The early deadline was extended from 5 p.m. ET on Sept. 9, originally the same time on Sept. 1. The consent deadline was extended from the earlier of 5 p.m. ET on Sept. 9 and 5 p.m. ET on the date that the requisite consents are obtained. The previous consent deadline was 5 p.m. ET on Sept. 1, originally 5 p.m. ET on Aug. 19.

The final expiration time is now extended to 5 p.m. ET on Oct. 14. It was originally set to expire at 5 p.m. ET on Sept. 30.

As of 5 p.m. ET on Sept. 9, which was the previous early deadline, holders of 25.8% of the outstanding principal amount of the IEA notes had tendered their notes.

All other terms and conditions of the offer remain the same.

As previously reported, the company is soliciting consents from holders of the existing IEA notes to eliminate or modify certain of the covenants, restrictive provisions and events of default in the note indenture.
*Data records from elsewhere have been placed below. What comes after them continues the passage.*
(* For [c + 1 < r], the entry [m r c] lies in [lower_left_sum m (r - 1) (c + 1)], which
   the balance equations for [m] and for [m'] (where that sum vanishes) identify with
   [psum m - psum m' <= 0]. *)
Lemma inM'_psum_le m m' : inMd d m -> inM' d m' ->
  (forall i j, psum m i j <= psum m' i j) -> inM' d m.
Proof.
move=> m_in m'_in le_psum; split => // r c cr.
have rn : r.-1 < n by have := ltn_ord r; lia.
have cn : c.+1 < n by have := ltn_ord r; lia.
pose i := Ordinal rn; pose j := Ordinal cn.
have ji : j <= i by rewrite /=; lia.
have := psum_balance m_in i j; have := psum_balance m'_in.1 i j.
rewrite (lower_left_sum_eq0 m'_in ji); have := le_psum i j.
have : m r c <= lower_left_sum m i j.
  rewrite /lower_left_sum (bigD1 r) /=; last by lia.
  by rewrite (bigD1 c) /=; lia.
lia.
Qed.

Lemma subdiag_inM' m : inM' d m -> forall i j, j.+1 = i -> m i j = psum m j i.
Proof.
move=> m_in i j ji.
have djj : psum m j j = d j.
  rewrite (psum_inM' m_in (leqnn j)) (eq_bigl (pred1 j)) ?big_pred1_eq // => k.
  by rewrite /= -eqn_leq eq_sym.
have row_split : psum m j j = \sum_(i' < n | i' <= j) m i' j + psum m j i.
  rewrite /psum -big_split /=; apply: eq_bigr => i' _.
  rewrite (bigD1 j) //=; congr (_ + _); apply: eq_bigl => j'.
  by rewrite -ji ltn_neqAle eq_sym andbC.
have col_split : d j = \sum_(i' < n | i' <= j) m i' j + m i j.
  case: (m_in.1 j) => _ <-; rewrite (bigID (fun i' : 'I_n => i' <= j)) /=; congr (_ + _).
  have ij : ~~ (i <= j) by rewrite -ji ltnn.
  rewrite (bigD1 i ij) /= big1 ?addn0 // => i' /andP [ji' i'i].
  by apply: m_in.2; move: i'i; rewrite -val_eqE /= -ji; lia.
lia.
Qed.

Definition contrib i j (p : 'I_n * 'I_n) : bool :=
  if i <= j then (p.1 == i) && (p.2 == j) else (j.+1 == i) && (p.1 <= j) && (i <= p.2).

Lemma PhiE (x : mseg n) i j : Phi x i j = \sum_(s : seg n | contrib i j (val s)) x s.
Proof.
rewrite mxE /contrib; case: (leqP i j) => //= ij.
by case: (j.+1 == i) => //=; rewrite big_pred0.
Qed.

Lemma sum_nat_bool_unique (P : pred 'I_n) :
  (forall j j', P j -> P j' -> j = j') -> \sum_(j < n) P j = [exists j, P j].
Proof.
move=> P_uniq; have [/existsP [j Pj] | /existsPn noP] := boolP [exists j, P j].
  rewrite (bigD1 j) //= Pj big1 // => j' j'j.
  by apply/eqP; rewrite eqb0; apply: contra j'j => /P_uniq/(_ Pj) ->.
by apply: big1 => j _; rewrite (negbTE (noP j)).
Qed.

Lemma exchange_sum_count (G : 'I_n -> seg n -> bool) (x : mseg n) :
  \sum_(j < n) \sum_(s : seg n | G j s) x s = \sum_(s : seg n) x s * \sum_(j < n) G j s.
Proof.
under eq_bigr do rewrite big_mkcond.
rewrite exchange_big /=; apply: eq_bigr => s _; rewrite big_distrr /=.
by apply: eq_bigr => j _; case: (G j s); rewrite ?muln1 ?muln0.
Qed.

Lemma contrib_row i (p : 'I_n * 'I_n) : p.1 <= p.2 ->
  \sum_(j < n) contrib i j p = (p.1 <= i <= p.2).
Proof.
move=> p12; rewrite sum_nat_bool_unique.
  congr (nat_of_bool _); apply/existsP/idP.
    move=> [j]; rewrite /contrib; case: (leqP i j) => ij.
      by move=> /andP [/eqP -> /eqP ->]; rewrite leqnn.
    by move=> /andP [/andP [/eqP e h1] h2]; rewrite h2 andbT; lia.
  move=> /andP [h1 h2]; case: (ltngtP p.1 i) => h; last 1 first.
  - by exists p.2; rewrite /contrib h2 eqxx andbT; apply/eqP/val_inj.
  - have hi : i.-1 < n by have := ltn_ord i; lia.
    exists (Ordinal hi); rewrite /contrib /=.
    have -> : (i <= i.-1) = false by lia.
    by rewrite h2 andbT; apply/andP; split; [apply/eqP | ]; lia.
  - lia.
move=> j j'; rewrite /contrib; case: (leqP i j) => ij; case: (leqP i j') => ij'.
- by move=> /andP [_ /eqP <-] /andP [_ /eqP <-].
- by move=> /andP [/eqP e _] /andP [/andP [_ h] _]; move: h; rewrite e; lia.
- by move=> /andP [/andP [_ h] _] /andP [/eqP e _]; move: h; rewrite e; lia.
- move=> /andP [/andP [/eqP e _] _] /andP [/andP [/eqP e' _] _]; apply: val_inj => /=; lia.
Qed.
(* Let $Q$ be an admissible orientation of $\tilde A_n$ and $I,J$ indecomposable linearized semigroup ideals of $\Bbbk Q$ of type II such that $\Gamma_I\cup\Gamma_J=\Gamma$. Then $IJ$ decomposes into a direct sum of two non-zero ideals if and only if every isolated vertex $\omega$ of $\Gamma_I\cap\Gamma_J$ can be written as $\omega=\alpha\beta$ for some paths $\alpha\in I$ and $\beta\in J$.
   Context: $\Bbbk$ is an algebraically closed field. An admissible orientation of $\tilde A_n$ is a finite quiver $Q$ with $n$ vertices whose underlying undirected graph is a cycle, having no oriented cycle and at least one source; $k$ is the number of sources (= number of sinks). Paths include trivial paths $\varepsilon_x$; the product $\alpha\beta$ is the concatenation (first $\beta$, then $\alpha$) when defined and $0$ otherwise. Maximal paths are paths not properly contained as subpaths of other paths. A linearized semigroup ideal is an ideal spanned by a set $X$ of paths with $\alpha\omega\beta\in X$ whenever $\omega\in X$ and $\alpha\omega\beta$ is defined. $\Gamma$: vertices the maximal paths, edges the sources and sinks of $Q$, edge $x$ joining the two maximal paths having $x$ as an endpoint. $\Gamma_I$: vertices the maximal paths in $I$, edges the sources/sinks $x$ with $\varepsilon_x\in I$. An indecomposable linearized semigroup ideal $I$ is of type II if $\Gamma_I$ is a chain (path graph) with at least two vertices which is not all of $\Gamma$. *)

From HB Require Import structures.
From mathcomp Require Import all_boot all_order all_algebra.
Set Implicit Arguments. Unset Strict Implicit. Unset Printing Implicit Defensive.
Import GRing.Theory.
Local Open Scope ring_scope.

(* A quiver whose underlying graph is a cycle on the n vertices 'I_n:
   for each a : 'I_n there is an arrow a joining the vertices a and ordS a
   (successor mod n). *)
Section PathAlgebra.
Variable n : nat.
Variable o : 'I_n -> bool.

Definition asrc (a : 'I_n) : 'I_n := if o a then a else ordS a.
Definition atgt (a : 'I_n) : 'I_n := if o a then ordS a else a.

(* raw path: (starting vertex, arrows in order of traversal) *)
Definition rpath : Type := ('I_n * seq 'I_n)%type.

Fixpoint is_walk (x : 'I_n) (s : seq 'I_n) : bool :=
  if s is a :: s' then (asrc a == x) && is_walk (atgt a) s' else true.

Definition pvalid (p : rpath) : bool := is_walk p.1 p.2.
Definition pstart (p : rpath) : 'I_n := p.1.
Definition pend (p : rpath) : 'I_n := foldl (fun _ a => atgt a) p.1 p.2.

Definition triv (x : 'I_n) : rpath := (x, [::]).

(* concatenation alpha beta = first beta, then alpha (defined when
   pend beta = pstart alpha) *)
Definition pcat (al be : rpath) : rpath := (be.1, be.2 ++ al.2).

Definition composable (al be : rpath) : Prop :=
  pvalid al /\ pvalid be /\ pend be = pstart al.

Definition is_source (x : 'I_n) : Prop := forall a, atgt a != x.
Definition is_sink (x : 'I_n) : Prop := forall a, asrc a != x.
Definition srcsink (x : 'I_n) : Prop := is_source x \/ is_sink x.

Definition admissible : Prop :=
  (forall p : rpath, pvalid p -> p.2 <> [::] -> pend p <> pstart p) /\
  (exists x, is_source x).

Definition subpath (p q : rpath) : Prop :=
  exists a b : rpath, composable a p /\ composable p b /\ q = pcat a (pcat p b).

Definition maximal_path (p : rpath) : Prop :=
  pvalid p /\ forall q, pvalid q -> subpath p q -> q = p.

Definition endpoint (x : 'I_n) (p : rpath) : Prop := pstart p = x \/ pend p = x.

Variable k : fieldType.

(* The path algebra kQ: functions on raw paths vanishing on non-paths
   (the basis element of a path p is delta p). *)
Definition elt := rpath -> k.
Definition in_kQ (f : elt) : Prop := forall p, ~~ pvalid p -> f p = 0.
Definition zero_elt : elt := fun _ => 0.
Definition delta (p : rpath) : elt := fun q => (q == p)%:R.

(* multiplication: (f g)(p) = sum over factorisations p = alpha beta of
   f(alpha) g(beta) *)
Definition kmul (f g : elt) : elt := fun p =>
  \sum_(i < (size p.2).+1)
     f (pend (p.1, take i p.2), drop i p.2) * g (p.1, take i p.2).

Definition is_ideal (I : elt -> Prop) : Prop :=
  (forall f, I f -> in_kQ f) /\ I zero_elt /\
  (forall f g, I f -> I g -> I (fun p => f p + g p)) /\
  (forall c f, I f -> I (fun p => c * f p)) /\
  (forall f g, in_kQ f -> I g -> I (kmul f g)) /\
  (forall f g, I f -> in_kQ g -> I (kmul f g)).

Definition nonzero_ideal (I : elt -> Prop) : Prop :=
  exists f, I f /\ f <> zero_elt.

Definition decomposes (I : elt -> Prop) : Prop :=
  exists A B : elt -> Prop,
    is_ideal A /\ is_ideal B /\ nonzero_ideal A /\ nonzero_ideal B /\
    (forall f, A f -> B f -> f = zero_elt) /\
    (forall f, I f <-> exists a b, A a /\ B b /\ f = (fun p => a p + b p)).

Definition indecomposable_ideal (I : elt -> Prop) : Prop :=
  is_ideal I /\ nonzero_ideal I /\ ~ decomposes I.

Definition iprod (I J : elt -> Prop) : elt -> Prop := fun f =>
  exists m (F G : 'I_m -> elt), (forall i, I (F i) /\ J (G i)) /\
    f = (fun p => \sum_(i < m) kmul (F i) (G i) p).

Definition in_span (X : rpath -> Prop) (f : elt) : Prop :=
  exists s : seq (k * rpath), (forall cp, cp \in s -> X cp.2) /\
    f = (fun q => \sum_(cp <- s) cp.1 * delta cp.2 q).

Definition linearized_semigroup_ideal (I : elt -> Prop) : Prop :=
  is_ideal I /\
  exists X : rpath -> Prop,
    (forall p, X p -> pvalid p) /\
    (forall w al be, X w -> composable al w -> composable w be ->
        X (pcat al (pcat w be))) /\
    (forall f, I f <-> in_span X f).

(* Gamma_I : vertices the maximal paths in I, edges the sources/sinks x
   with eps_x in I.  Gamma = Gamma for I = kQ. *)
Definition GV (I : elt -> Prop) (p : rpath) : Prop := maximal_path p /\ I (delta p).
Definition GE (I : elt -> Prop) (x : 'I_n) : Prop := srcsink x /\ I (delta (triv x)).

Definition is_chain (V : rpath -> Prop) (E : 'I_n -> Prop) : Prop :=
  exists (vs : seq rpath) (es : seq 'I_n),
    uniq vs /\ uniq es /\ size vs = (size es).+1 /\
    (forall p, V p <-> p \in vs) /\ (forall x, E x <-> x \in es) /\
    (forall i x, onth es i = Some x ->
       exists u v, onth vs i = Some u /\ onth vs i.+1 = Some v /\
                   endpoint x u /\ endpoint x v).

Definition type_II (I : elt -> Prop) : Prop :=
  indecomposable_ideal I /\ linearized_semigroup_ideal I /\
  is_chain (GV I) (GE I) /\
  (exists p q, GV I p /\ GV I q /\ p <> q) /\
  ~ ((forall p, maximal_path p -> GV I p) /\ (forall x, srcsink x -> GE I x)).

End PathAlgebra.

From mathcomp Require Import all_boot all_order all_algebra.
From Stdlib Require Import Classical FunctionalExtensionality.
From mathcomp Require Import zify.
Set Implicit Arguments. Unset Strict Implicit. Unset Printing Implicit Defensive.
Import GRing.Theory.

Lemma functional_path_eq (T : Type) (e : T -> T -> bool) (stop : T -> Prop) :
  (forall x y y', e x y -> e x y' -> y = y') -> (forall x y, stop x -> ~~ e x y) ->
  forall c s1 s2, path e c s1 -> path e c s2 ->
  stop (last c s1) -> stop (last c s2) -> s1 = s2.
Proof.
move=> efun estop c s1; elim: s1 c => [|d1 s1 IH] c [|d2 s2] //=.
- by move=> _ /andP [h _] /(estop _ d2); rewrite h.
- by move=> /andP [h _] _ _ /(estop _ d1); rewrite h.
move=> /andP [h1 p1] /andP [h2 p2] t1 t2; have e12 := efun _ _ _ h1 h2; subst d2.
by rewrite (IH d1 s2).
Qed.

Lemma count_eq2 (T : eqType) (s : seq T) (P : pred T) x1 x2 :
  uniq s -> x1 \in s -> x2 \in s -> x1 != x2 -> P x1 -> P x2 ->
  (forall a b c, a \in s -> b \in s -> c \in s -> P a -> P b -> P c ->
     [\/ a = b, a = c | b = c]) ->
  count P s = 2.
Proof.
move=> us s1 s2 ne p1 p2 three; rewrite -size_filter; apply/eqP; rewrite eqn_leq.
apply/andP; split.
- apply: (@uniq_leq_size _ _ [:: x1; x2]); first by rewrite filter_uniq.
  move=> y; rewrite mem_filter !inE => /andP [py sy].
  by case: (three y x1 x2 sy s1 s2 py p1 p2) => [->|->|/eqP]; rewrite ?eqxx ?orbT // (negbTE ne).
- apply: (@uniq_leq_size _ [:: x1; x2]); first by rewrite /= inE ne.
  by move=> y; rewrite !inE mem_filter => /orP [] /eqP ->; rewrite ?p1 ?p2 ?s1 ?s2.
Qed.

Lemma size_undup_cat (T : eqType) (s t : seq T) : uniq s -> uniq t ->
  size (undup (s ++ t)) + count (mem t) s = size s + size t.
Proof.
move=> us ut; rewrite undup_cat !undup_id // size_cat size_filter.
rewrite -[count _ s]/(count (predC (mem t)) s).
by have := count_predC (mem t) s; lia.
Qed.

Lemma onth_nth_lt (T : Type) (s : seq T) i x0 : i < size s -> onth s i = Some (nth x0 s i).
Proof. by elim: s i => [|y s IH] [|i] //= /IH. Qed.
Section Cycle.
Variables (n : nat) (o : 'I_n -> bool).

Local Notation src := (asrc o).
Local Notation tgt := (atgt o).

Definition next_arrow (b c : 'I_n) := tgt b == src c.

Lemma source_or_arrow_in (x : 'I_n) : is_source o x \/ exists c, tgt c = x.
Proof.
case: (boolP [forall a, tgt a != x]) => [/forallP|/forallPn [c /negPn /eqP]];
  by [left | right; exists c].
Qed.

Lemma sink_or_arrow_out (x : 'I_n) : is_sink o x \/ exists c, src c = x.
Proof.
case: (boolP [forall a, src a != x]) => [/forallP|/forallPn [c /negPn /eqP]];
  by [left | right; exists c].
Qed.

Lemma source_not_sink (x : 'I_n) : is_source o x -> is_sink o x -> False.
Proof.
move=> /(_ x) + /(_ x).
by rewrite /asrc /atgt; case: (o x); rewrite eqxx.
Qed.

Definition walk_end (x : 'I_n) (s : seq 'I_n) := foldl (fun _ a => tgt a) x s.

Lemma pendE (p : rpath n) : pend o p = walk_end p.1 p.2.
Proof. by []. Qed.

Lemma walk_end_cat x s1 s2 : walk_end x (s1 ++ s2) = walk_end (walk_end x s1) s2.
Proof. exact: foldl_cat. Qed.

Lemma walk_end_rcons x s c : walk_end x (rcons s c) = tgt c.
Proof. by rewrite -cats1 walk_end_cat. Qed.

Lemma walk_end_tgt c s : walk_end (tgt c) s = tgt (last c s).
Proof. by elim: s c => [|d s IH] c //=; rewrite -IH. Qed.

Lemma is_walk_cat x s1 s2 :
  is_walk o x (s1 ++ s2) = is_walk o x s1 && is_walk o (walk_end x s1) s2.
Proof. by elim: s1 x => [|a s1 IH] x //=; rewrite IH andbA. Qed.

Lemma is_walk_path c s : is_walk o (tgt c) s = path next_arrow c s.
Proof. by elim: s c => [|d s IH] c //=; rewrite IH /next_arrow eq_sym. Qed.

Lemma pvalid_pcat (a p : rpath n) : pend o p = pstart a ->
  pvalid o (pcat a p) = pvalid o p && pvalid o a.
Proof. by case: a p => y s [x t] /= e; rewrite /pvalid /= is_walk_cat -[walk_end x t]/(pend o (x, t)) e. Qed.

Lemma pend_pcat (a p : rpath n) : pend o p = pstart a -> pend o (pcat a p) = pend o a.
Proof. by case: a p => y s [x t] /= e; rewrite !pendE /= walk_end_cat -[walk_end x t]/(pend o (x, t)) e. Qed.

Lemma pcat_triv_l y (p : rpath n) : pcat (triv y) p = p.
Proof. by case: p => x s; rewrite /pcat cats0. Qed.

Lemma pcat_triv_r (p : rpath n) : pcat p (triv (pstart p)) = p.
Proof. by case: p. Qed.

Lemma pcatA (a b c : rpath n) : pcat a (pcat b c) = pcat (pcat a b) c.
Proof. by rewrite /pcat /= catA. Qed.

Lemma subpath_trans (p q w : rpath n) : subpath o p q -> subpath o q w -> subpath o p w.
Proof.
move=> [a [b [[va [vp ea]] [[_ [vb eb]] ->]]]] [a' [b' [[va' [vq ea']] [[_ [vb' eb']] ->]]]].
have ea2 : pend o a = pstart a' by rewrite -ea' pend_pcat // pend_pcat.
exists (pcat a' a), (pcat b b'); rewrite !pcatA; split.
  by split; [rewrite pvalid_pcat // va va' | split => //; rewrite pend_pcat].
by split=> //; split=> //; split; [rewrite pvalid_pcat // vb vb' | rewrite pend_pcat].
Qed.

Lemma triv_subpath_cases (w a b : rpath n) y :
  composable o a (triv y) -> composable o (triv y) b -> w = pcat a (pcat (triv y) b) ->
  endpoint o y w \/
  exists L cin cout R, [/\ w.2 = L ++ cin :: cout :: R, tgt cin = y & src cout = y].
Proof.
move=> [va [_ ea]] [_ [_ eb]] ->.
case/lastP Hb : b.2 => [|L cin].
  by left; left; move: eb; rewrite pendE Hb.
case Ha : a.2 => [|cout R].
  by left; right; rewrite pend_pcat ?pend_pcat // pendE Ha.
right; exists L, cin, cout, R; split.
- by rewrite /= Hb Ha cats0 cat_rcons.
- by move: eb; rewrite pendE Hb walk_end_rcons.
- by move: va; rewrite /pvalid Ha /= => /andP [/eqP ->].
Qed.

Definition acyclic := forall p : rpath n, pvalid o p -> p.2 <> [::] -> pend o p <> pstart p.

Hypothesis acyc : acyclic.

Lemma pvalid_size (p : rpath n) : pvalid o p -> size p.2 < n.
Proof.
case: p => x s /= ws; rewrite ltnNge; apply/negP => hs.
pose f (i : 'I_(size s).+1) := walk_end x (take i s).
have /injectivePn [i [j ne fij]] : ~~ injectiveb f.
  by apply/injectiveP => /leq_card; rewrite !card_ord; lia.
wlog ij : i j ne fij / i < j.
  move=> W; case: (ltngtP i j) => [|ji|/val_inj eij]; first exact: W.
    by apply: (W j i) => //; rewrite eq_sym.
  by rewrite eij eqxx in ne.
have jle : j <= size s by rewrite -ltnS.
have take_j : take j s = take i s ++ take (j - i) (drop i s).
  by rewrite -takeD subnKC // ltnW.
apply: (acyc (p := (f i, take (j - i) (drop i s)))) => /=.
- move: ws; rewrite /pvalid /= -{1}(cat_take_drop j s) take_j -catA is_walk_cat.
  by case/andP=> _; rewrite is_walk_cat => /andP [].
- by move/(congr1 size); rewrite size_take size_drop; case: ifP => /=; lia.
- by rewrite pendE /= -walk_end_cat -take_j fij.
Qed.

Lemma endpoint_subpath (w : rpath n) x : pvalid o w -> endpoint o x w -> subpath o (triv x) w.
Proof.
move=> vw [<-|<-].
  by exists w, (triv (pstart w)); rewrite pcat_triv_r; do !split.
by exists (triv (pend o w)), w; rewrite !pcat_triv_l; do !split.
Qed.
The proposed amendments require the consents of holders of at least a majority in principal amount of the notes.

The consent payment and total consideration has been modified as follows: for each $1,000 principal amount of notes tendered at or prior to the consent revocation deadline noteholders will be eligible to receive a consent payment of either $2.50 in cash or, if the requisite consents are obtained, the success fee in cash.

If the requisite consents are obtained at or prior to the deadline, the company will pay a total of $750,000 which will be prorated to all tendering holders who did not revoke their consents. As a result, the success fee will range from $2.50 per $1,000 (if all holders consent) to approximately $5 per $1,000 (if holders of a simple majority of the aggregate principal amount of the notes consent).

The success fee includes the consent payment.

This consideration also includes an early tender premium of $50 of new notes per $1,000 principal amount.

Holders who tender after that deadline will receive $950 principal amount of the new notes per $1,000 principal amount.

The new exchange notes will be the general senior unsecured obligations of MasTec and will rank equally in right of payment with all of its existing and future unsecured debt.

The exchange offer and consent solicitation are open to qualified institutional buyers under Rule 144A or non-U.S. persons under Regulation S.

The liability management exercise is conditioned upon the completion of the merger wherein IEA will become a wholly owned subsidiary of MasTec, expected to close in the fourth quarter of 2022.

D.F. King & Co., Inc. (800 549-6864, 212 269-5550 or mastec@dfking.com) is the exchange agent and information agent.

Coral Gables, Fla.-based MasTec is an infrastructure construction company.